→ **Exercise directions**
Print exactly those lines that run from the beginning of the data to the line bearing "Lam_int q gamma x", inclusive.

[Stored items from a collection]
========

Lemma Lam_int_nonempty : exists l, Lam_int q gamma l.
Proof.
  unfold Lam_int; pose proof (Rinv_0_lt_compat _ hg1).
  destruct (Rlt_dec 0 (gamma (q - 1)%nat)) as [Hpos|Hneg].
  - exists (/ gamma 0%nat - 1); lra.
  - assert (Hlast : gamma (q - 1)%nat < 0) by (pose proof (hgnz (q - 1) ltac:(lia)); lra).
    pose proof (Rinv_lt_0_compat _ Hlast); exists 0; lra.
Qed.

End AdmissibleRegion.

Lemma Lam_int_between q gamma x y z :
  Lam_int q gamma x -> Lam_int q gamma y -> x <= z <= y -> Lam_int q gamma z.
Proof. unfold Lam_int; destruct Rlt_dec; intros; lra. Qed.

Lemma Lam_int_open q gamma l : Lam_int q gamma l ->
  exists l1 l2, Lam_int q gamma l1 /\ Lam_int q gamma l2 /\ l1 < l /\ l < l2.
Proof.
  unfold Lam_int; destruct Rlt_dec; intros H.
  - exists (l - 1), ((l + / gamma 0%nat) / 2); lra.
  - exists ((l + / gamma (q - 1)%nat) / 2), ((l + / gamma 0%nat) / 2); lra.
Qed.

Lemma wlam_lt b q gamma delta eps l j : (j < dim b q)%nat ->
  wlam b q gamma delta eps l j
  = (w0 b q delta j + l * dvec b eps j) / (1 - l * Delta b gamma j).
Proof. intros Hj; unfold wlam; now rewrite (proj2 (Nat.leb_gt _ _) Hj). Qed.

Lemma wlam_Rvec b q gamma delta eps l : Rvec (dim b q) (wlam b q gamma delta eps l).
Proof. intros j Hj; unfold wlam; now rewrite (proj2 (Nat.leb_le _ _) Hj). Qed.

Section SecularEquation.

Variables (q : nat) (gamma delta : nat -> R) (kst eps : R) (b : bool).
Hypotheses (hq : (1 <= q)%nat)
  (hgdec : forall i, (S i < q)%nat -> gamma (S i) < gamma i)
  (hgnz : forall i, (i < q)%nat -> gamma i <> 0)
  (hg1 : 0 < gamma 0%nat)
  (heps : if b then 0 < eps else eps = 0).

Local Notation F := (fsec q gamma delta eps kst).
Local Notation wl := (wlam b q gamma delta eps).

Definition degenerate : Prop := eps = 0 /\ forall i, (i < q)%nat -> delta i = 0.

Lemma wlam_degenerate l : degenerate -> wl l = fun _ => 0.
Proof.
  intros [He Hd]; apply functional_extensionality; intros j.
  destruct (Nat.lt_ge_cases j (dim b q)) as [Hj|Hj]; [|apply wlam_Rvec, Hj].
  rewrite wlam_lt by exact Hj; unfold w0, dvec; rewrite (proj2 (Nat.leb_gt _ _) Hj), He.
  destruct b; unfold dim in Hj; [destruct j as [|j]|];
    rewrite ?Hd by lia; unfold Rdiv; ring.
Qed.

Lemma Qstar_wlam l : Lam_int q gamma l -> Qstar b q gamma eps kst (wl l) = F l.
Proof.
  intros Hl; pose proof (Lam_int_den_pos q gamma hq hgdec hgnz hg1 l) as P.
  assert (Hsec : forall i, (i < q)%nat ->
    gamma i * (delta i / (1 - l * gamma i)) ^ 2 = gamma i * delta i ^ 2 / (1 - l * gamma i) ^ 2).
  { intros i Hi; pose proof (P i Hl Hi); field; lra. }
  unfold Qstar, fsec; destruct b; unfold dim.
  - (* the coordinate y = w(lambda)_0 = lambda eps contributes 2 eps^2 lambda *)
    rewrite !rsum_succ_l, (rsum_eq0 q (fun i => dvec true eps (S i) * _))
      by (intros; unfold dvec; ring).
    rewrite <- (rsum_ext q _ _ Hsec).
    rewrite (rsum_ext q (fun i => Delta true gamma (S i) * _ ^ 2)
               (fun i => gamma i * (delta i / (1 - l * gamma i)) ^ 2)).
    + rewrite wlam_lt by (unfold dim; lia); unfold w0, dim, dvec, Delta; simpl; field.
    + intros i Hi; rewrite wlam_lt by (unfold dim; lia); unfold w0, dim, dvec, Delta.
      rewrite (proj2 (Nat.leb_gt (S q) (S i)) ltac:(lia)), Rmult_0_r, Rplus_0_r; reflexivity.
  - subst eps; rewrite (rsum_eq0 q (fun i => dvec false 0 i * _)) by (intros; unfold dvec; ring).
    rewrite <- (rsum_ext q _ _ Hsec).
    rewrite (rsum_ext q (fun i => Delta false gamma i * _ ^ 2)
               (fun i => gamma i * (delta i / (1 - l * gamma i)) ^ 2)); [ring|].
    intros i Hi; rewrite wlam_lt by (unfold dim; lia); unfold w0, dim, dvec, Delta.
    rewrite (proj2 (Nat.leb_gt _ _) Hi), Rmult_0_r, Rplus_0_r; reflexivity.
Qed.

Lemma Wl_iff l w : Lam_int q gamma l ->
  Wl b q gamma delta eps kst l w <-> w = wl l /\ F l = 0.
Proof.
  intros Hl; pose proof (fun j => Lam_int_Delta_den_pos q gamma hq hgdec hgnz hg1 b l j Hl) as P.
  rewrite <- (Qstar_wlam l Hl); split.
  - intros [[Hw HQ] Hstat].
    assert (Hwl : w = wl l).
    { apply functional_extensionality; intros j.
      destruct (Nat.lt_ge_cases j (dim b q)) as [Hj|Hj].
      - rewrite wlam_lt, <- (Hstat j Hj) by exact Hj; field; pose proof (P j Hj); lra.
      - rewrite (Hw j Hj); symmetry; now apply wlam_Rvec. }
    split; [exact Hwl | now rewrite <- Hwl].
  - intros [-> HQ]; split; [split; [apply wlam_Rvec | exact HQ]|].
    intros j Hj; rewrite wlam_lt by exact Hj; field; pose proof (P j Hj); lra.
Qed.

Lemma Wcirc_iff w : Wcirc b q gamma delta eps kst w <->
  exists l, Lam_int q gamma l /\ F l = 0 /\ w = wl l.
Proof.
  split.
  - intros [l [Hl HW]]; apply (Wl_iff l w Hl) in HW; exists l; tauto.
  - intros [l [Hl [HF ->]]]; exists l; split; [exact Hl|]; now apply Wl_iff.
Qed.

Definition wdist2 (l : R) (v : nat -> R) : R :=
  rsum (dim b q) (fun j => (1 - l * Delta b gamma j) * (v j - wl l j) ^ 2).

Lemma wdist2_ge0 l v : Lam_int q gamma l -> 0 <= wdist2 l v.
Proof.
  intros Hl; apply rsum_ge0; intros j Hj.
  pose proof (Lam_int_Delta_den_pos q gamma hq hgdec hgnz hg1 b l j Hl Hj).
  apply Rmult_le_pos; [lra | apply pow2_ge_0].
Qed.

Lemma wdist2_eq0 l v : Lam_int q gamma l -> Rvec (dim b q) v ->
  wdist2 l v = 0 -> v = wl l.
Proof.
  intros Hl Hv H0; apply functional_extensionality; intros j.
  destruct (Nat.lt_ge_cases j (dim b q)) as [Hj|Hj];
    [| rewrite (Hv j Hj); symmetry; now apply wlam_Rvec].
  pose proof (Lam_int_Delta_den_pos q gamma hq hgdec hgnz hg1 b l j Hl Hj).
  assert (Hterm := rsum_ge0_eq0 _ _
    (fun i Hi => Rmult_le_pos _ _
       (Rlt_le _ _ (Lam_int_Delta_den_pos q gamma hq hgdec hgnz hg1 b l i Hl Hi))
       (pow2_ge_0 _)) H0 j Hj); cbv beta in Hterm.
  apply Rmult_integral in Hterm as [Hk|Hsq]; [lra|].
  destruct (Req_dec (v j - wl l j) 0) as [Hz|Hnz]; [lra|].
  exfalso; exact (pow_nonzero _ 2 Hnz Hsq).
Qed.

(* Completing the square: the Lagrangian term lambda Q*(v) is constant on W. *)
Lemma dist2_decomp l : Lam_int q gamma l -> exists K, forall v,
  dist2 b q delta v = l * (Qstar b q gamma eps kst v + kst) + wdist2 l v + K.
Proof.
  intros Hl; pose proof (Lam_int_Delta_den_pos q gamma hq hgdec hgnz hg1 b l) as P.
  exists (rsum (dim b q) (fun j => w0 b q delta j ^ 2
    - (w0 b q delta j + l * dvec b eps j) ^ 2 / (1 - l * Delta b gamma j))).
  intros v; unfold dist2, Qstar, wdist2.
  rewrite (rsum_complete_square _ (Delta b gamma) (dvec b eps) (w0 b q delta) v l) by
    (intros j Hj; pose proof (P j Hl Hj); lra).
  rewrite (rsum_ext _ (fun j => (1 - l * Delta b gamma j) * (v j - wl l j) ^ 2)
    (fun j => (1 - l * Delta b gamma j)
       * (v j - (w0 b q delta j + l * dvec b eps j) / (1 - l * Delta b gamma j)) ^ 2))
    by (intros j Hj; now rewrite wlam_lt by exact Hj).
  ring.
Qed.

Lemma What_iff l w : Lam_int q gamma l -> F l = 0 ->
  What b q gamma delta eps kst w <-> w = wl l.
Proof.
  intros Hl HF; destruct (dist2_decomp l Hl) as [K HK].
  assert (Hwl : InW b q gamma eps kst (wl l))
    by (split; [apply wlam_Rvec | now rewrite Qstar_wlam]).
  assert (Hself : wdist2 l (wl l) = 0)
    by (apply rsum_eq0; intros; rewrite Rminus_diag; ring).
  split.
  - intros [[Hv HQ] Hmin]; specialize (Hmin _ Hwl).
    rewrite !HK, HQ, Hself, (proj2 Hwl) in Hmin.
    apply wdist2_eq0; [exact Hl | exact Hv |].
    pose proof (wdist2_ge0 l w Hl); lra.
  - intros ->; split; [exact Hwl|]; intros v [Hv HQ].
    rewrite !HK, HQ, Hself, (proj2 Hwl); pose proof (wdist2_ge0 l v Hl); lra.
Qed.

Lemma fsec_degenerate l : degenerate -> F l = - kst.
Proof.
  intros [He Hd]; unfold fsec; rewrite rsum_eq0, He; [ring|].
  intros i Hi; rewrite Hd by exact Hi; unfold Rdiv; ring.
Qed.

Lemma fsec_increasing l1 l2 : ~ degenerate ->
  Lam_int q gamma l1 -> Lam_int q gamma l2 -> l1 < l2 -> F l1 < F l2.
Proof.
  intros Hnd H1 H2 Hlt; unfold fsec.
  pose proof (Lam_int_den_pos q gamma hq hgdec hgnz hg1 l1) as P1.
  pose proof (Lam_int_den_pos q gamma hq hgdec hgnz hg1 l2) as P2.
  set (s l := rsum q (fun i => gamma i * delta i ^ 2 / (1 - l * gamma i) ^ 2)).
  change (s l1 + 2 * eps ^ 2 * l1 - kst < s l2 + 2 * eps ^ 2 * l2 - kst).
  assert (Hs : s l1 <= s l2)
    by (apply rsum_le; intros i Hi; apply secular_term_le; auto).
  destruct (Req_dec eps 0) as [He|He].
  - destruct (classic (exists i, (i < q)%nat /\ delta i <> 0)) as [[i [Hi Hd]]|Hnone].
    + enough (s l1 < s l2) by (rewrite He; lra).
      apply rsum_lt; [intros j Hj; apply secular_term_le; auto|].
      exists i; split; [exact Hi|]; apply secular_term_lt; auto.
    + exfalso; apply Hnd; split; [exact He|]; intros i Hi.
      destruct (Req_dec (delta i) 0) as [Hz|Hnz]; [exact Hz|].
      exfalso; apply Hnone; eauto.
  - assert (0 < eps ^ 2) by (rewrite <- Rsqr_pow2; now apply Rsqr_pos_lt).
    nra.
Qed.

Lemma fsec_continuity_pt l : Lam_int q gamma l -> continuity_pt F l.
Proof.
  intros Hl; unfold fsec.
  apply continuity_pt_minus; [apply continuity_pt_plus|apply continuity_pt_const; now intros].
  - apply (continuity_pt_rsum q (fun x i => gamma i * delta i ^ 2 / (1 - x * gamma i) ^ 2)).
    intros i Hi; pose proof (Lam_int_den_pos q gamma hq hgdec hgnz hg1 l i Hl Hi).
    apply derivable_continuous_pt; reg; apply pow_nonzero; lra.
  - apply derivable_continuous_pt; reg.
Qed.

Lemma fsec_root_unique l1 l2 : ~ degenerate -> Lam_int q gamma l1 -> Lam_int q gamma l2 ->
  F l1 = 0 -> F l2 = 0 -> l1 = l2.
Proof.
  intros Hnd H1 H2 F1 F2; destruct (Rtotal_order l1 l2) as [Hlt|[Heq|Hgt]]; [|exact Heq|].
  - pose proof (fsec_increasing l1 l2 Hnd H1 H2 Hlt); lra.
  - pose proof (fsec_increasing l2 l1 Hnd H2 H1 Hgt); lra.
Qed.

========

→ **Task answer**
Lemma Lam_int_nonempty : exists l, Lam_int q gamma l.
Proof.
  unfold Lam_int; pose proof (Rinv_0_lt_compat _ hg1).
  destruct (Rlt_dec 0 (gamma (q - 1)%nat)) as [Hpos|Hneg].
  - exists (/ gamma 0%nat - 1); lra.
  - assert (Hlast : gamma (q - 1)%nat < 0) by (pose proof (hgnz (q - 1) ltac:(lia)); lra).
    pose proof (Rinv_lt_0_compat _ Hlast); exists 0; lra.
Qed.

End AdmissibleRegion.

Lemma Lam_int_between q gamma x y z :
  Lam_int q gamma x -> Lam_int q gamma y -> x <= z <= y -> Lam_int q gamma z.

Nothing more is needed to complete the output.